▶ WHAT YOU WILL DO: Return only that part of the material below which starts with the line containing "(forall x y, st (x + y) = st x + st y) /\" and goes on through the line containing "(forall x y, f (x * y) = f x * f y) &", restated exactly.

▶ SOURCE MATERIAL:
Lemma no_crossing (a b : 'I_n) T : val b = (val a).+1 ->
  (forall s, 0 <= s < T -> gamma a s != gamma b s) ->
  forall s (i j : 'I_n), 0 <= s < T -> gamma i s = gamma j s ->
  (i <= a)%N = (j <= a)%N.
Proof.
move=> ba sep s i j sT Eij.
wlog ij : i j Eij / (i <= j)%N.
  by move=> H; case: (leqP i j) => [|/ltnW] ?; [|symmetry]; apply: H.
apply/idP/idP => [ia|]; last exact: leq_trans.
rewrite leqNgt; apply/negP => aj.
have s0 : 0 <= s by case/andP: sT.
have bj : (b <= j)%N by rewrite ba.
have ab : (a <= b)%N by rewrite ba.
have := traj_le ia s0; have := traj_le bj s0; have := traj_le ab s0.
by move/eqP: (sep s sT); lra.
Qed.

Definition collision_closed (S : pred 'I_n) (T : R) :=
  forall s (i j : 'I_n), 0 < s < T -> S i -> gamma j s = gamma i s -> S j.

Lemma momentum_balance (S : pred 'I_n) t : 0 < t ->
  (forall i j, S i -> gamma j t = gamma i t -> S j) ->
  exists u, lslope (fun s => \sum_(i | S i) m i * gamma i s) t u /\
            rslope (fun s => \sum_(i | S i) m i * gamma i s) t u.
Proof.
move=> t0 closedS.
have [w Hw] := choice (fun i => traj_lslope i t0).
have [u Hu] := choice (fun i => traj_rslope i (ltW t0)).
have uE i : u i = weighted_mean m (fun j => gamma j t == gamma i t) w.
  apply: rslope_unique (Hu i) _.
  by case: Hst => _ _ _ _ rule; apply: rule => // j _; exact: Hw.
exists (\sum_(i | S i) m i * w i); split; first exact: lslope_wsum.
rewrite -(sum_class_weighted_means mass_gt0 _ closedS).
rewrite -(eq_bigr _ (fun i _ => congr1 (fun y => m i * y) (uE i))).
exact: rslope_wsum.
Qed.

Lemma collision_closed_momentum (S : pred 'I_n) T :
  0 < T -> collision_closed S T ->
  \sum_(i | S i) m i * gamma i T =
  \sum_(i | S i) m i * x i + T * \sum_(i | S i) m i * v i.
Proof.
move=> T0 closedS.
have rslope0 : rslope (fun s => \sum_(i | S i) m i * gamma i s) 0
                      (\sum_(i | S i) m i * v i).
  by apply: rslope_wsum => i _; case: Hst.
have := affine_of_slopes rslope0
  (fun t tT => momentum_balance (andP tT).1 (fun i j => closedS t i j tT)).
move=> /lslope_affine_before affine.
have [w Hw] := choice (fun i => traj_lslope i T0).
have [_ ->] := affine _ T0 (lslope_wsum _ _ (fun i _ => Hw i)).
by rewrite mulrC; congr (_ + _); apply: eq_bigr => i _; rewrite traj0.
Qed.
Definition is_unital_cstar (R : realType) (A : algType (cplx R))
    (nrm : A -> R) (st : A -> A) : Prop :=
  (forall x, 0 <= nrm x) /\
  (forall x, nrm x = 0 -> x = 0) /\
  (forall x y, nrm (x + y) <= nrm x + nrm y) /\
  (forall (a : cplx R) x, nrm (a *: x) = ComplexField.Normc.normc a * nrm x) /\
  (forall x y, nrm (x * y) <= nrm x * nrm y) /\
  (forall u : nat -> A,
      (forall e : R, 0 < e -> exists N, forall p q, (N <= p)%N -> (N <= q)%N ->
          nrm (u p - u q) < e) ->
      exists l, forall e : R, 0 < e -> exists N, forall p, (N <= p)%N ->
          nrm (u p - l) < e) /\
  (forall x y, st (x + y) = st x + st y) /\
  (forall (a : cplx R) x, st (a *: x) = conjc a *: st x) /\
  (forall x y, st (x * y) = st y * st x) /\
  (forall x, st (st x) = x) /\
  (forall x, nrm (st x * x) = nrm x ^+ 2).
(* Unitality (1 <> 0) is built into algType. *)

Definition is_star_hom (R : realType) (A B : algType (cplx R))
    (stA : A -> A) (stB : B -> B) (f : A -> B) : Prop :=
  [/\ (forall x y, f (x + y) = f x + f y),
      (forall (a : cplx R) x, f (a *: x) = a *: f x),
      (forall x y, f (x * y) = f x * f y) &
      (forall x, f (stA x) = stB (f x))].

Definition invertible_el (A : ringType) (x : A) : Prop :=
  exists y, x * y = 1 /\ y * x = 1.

▶ SOLUTION TO THE PROBLEM:
  (forall x y, st (x + y) = st x + st y) /\
  (forall (a : cplx R) x, st (a *: x) = conjc a *: st x) /\
  (forall x y, st (x * y) = st y * st x) /\
  (forall x, st (st x) = x) /\
  (forall x, nrm (st x * x) = nrm x ^+ 2).
(* Unitality (1 <> 0) is built into algType. *)

Definition is_star_hom (R : realType) (A B : algType (cplx R))
    (stA : A -> A) (stB : B -> B) (f : A -> B) : Prop :=
  [/\ (forall x y, f (x + y) = f x + f y),
      (forall (a : cplx R) x, f (a *: x) = a *: f x),
      (forall x y, f (x * y) = f x * f y) &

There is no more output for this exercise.